** Opening Information shown block **

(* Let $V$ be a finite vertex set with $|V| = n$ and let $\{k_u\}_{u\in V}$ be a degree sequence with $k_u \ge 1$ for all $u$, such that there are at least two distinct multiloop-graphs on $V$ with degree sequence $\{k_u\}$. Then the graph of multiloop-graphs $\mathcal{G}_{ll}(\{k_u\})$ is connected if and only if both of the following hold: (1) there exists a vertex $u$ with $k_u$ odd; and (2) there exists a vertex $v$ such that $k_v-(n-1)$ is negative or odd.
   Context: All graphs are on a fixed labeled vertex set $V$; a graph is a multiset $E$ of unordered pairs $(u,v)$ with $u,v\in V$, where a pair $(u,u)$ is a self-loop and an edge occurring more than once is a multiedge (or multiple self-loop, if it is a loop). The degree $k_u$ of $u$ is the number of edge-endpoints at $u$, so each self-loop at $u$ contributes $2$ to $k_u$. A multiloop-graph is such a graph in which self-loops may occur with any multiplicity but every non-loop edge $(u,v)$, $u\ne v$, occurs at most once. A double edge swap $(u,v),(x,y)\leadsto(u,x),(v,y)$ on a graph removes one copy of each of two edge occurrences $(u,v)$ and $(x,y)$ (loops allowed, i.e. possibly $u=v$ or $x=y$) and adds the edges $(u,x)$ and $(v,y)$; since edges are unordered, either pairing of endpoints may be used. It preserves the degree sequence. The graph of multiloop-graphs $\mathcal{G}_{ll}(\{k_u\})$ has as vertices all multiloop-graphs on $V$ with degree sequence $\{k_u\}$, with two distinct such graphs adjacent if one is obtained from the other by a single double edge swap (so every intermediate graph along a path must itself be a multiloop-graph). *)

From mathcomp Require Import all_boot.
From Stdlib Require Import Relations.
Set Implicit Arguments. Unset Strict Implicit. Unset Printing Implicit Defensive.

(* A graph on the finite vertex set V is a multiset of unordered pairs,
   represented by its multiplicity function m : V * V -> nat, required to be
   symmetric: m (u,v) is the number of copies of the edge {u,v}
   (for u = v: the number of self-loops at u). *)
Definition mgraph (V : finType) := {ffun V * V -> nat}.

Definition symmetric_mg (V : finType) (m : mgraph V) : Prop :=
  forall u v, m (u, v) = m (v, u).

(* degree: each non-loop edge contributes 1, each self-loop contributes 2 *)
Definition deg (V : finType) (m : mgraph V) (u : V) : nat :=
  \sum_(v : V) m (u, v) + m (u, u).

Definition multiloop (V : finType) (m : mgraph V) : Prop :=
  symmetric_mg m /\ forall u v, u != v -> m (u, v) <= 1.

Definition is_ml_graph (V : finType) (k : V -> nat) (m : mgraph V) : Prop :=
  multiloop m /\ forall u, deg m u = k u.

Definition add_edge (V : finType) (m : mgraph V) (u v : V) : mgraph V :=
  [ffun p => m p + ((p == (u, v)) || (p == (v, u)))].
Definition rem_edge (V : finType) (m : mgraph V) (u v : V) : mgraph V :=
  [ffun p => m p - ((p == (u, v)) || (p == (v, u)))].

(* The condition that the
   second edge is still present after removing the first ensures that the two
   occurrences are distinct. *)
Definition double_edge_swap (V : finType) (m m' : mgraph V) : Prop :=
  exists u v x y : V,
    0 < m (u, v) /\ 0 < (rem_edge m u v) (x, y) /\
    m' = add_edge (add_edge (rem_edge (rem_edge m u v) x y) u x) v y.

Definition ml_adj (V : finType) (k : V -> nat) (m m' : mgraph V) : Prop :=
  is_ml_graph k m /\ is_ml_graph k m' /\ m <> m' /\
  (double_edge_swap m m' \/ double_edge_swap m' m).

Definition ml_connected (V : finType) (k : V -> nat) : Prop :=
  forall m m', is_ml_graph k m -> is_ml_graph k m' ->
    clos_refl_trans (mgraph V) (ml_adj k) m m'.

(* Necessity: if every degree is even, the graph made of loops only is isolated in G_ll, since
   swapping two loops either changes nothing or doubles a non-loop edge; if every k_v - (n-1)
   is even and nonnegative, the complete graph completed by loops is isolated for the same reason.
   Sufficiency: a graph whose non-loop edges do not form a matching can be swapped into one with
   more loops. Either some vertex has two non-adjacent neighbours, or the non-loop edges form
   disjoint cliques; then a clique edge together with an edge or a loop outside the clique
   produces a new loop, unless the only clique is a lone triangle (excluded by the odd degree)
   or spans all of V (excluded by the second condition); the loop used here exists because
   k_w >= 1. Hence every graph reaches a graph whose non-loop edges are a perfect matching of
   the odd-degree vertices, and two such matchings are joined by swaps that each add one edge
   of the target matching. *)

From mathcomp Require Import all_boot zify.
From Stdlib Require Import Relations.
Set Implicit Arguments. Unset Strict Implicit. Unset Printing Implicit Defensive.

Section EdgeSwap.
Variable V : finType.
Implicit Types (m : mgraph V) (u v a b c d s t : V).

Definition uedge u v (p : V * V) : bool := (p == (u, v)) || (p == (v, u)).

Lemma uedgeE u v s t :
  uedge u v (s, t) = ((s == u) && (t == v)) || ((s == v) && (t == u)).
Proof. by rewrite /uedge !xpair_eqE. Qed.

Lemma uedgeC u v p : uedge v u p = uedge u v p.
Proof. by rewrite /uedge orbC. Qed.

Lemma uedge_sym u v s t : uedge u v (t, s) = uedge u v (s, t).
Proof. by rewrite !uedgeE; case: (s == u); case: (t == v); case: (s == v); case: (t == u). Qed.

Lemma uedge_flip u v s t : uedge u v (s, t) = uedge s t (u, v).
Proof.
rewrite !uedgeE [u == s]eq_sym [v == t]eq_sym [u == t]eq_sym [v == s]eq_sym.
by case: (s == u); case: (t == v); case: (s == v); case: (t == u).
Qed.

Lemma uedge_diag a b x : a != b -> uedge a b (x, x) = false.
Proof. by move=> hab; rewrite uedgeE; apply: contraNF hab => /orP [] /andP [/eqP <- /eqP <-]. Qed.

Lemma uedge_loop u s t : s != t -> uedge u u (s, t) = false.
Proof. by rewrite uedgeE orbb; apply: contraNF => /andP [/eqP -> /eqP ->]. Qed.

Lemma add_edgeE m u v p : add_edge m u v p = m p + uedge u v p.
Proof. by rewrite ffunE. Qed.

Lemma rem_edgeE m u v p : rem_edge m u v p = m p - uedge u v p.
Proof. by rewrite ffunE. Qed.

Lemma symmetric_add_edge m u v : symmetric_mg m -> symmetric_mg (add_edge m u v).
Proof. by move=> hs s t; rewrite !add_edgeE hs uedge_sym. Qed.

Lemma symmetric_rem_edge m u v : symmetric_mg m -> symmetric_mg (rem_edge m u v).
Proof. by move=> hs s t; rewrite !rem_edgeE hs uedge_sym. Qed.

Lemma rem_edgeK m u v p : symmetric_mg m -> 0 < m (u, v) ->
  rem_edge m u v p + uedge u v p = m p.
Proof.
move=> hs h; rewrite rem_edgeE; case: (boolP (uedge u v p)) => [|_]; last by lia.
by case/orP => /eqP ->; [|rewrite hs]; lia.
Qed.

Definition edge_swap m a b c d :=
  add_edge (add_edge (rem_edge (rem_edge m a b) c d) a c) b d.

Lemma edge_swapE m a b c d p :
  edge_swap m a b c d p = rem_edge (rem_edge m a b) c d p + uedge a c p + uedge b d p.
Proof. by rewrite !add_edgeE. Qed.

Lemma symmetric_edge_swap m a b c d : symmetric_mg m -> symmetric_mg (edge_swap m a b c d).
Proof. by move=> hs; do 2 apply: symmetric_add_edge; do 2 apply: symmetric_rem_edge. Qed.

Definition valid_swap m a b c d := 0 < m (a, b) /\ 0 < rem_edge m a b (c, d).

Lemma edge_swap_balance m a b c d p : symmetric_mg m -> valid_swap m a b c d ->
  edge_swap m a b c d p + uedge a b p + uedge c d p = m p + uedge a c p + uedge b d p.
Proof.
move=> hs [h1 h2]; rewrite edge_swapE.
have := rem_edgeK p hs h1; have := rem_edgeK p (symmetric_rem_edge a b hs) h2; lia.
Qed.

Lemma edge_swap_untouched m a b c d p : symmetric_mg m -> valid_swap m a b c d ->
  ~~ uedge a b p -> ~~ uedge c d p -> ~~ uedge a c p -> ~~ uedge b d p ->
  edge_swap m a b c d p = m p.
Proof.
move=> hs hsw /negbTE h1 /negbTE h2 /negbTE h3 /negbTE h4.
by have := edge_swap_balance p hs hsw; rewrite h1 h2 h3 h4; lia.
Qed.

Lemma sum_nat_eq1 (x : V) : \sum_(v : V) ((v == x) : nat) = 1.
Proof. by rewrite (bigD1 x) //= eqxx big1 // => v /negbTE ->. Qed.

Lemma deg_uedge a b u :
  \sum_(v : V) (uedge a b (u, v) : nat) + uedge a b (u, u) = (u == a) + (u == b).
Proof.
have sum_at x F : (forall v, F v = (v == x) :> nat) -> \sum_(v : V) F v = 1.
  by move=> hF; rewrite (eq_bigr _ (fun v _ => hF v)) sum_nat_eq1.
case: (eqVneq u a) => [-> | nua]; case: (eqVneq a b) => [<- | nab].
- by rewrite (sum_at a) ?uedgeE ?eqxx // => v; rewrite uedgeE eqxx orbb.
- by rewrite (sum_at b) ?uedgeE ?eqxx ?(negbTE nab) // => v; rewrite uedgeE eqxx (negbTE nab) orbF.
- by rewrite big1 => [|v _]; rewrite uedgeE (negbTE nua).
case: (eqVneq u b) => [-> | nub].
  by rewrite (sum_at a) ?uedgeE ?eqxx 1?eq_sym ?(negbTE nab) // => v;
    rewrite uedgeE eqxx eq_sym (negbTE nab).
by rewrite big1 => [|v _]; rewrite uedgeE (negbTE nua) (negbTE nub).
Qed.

** Closing Information shown block **

Write down exactly the span of lines above from the one containing "m' = add_edge" to the one containing "clos_refl_trans (mgraph V)", both ends included.

    m' = add_edge (add_edge (rem_edge (rem_edge m u v) x y) u x) v y.

Definition ml_adj (V : finType) (k : V -> nat) (m m' : mgraph V) : Prop :=
  is_ml_graph k m /\ is_ml_graph k m' /\ m <> m' /\
  (double_edge_swap m m' \/ double_edge_swap m' m).

Definition ml_connected (V : finType) (k : V -> nat) : Prop :=
  forall m m', is_ml_graph k m -> is_ml_graph k m' ->
    clos_refl_trans (mgraph V) (ml_adj k) m m'.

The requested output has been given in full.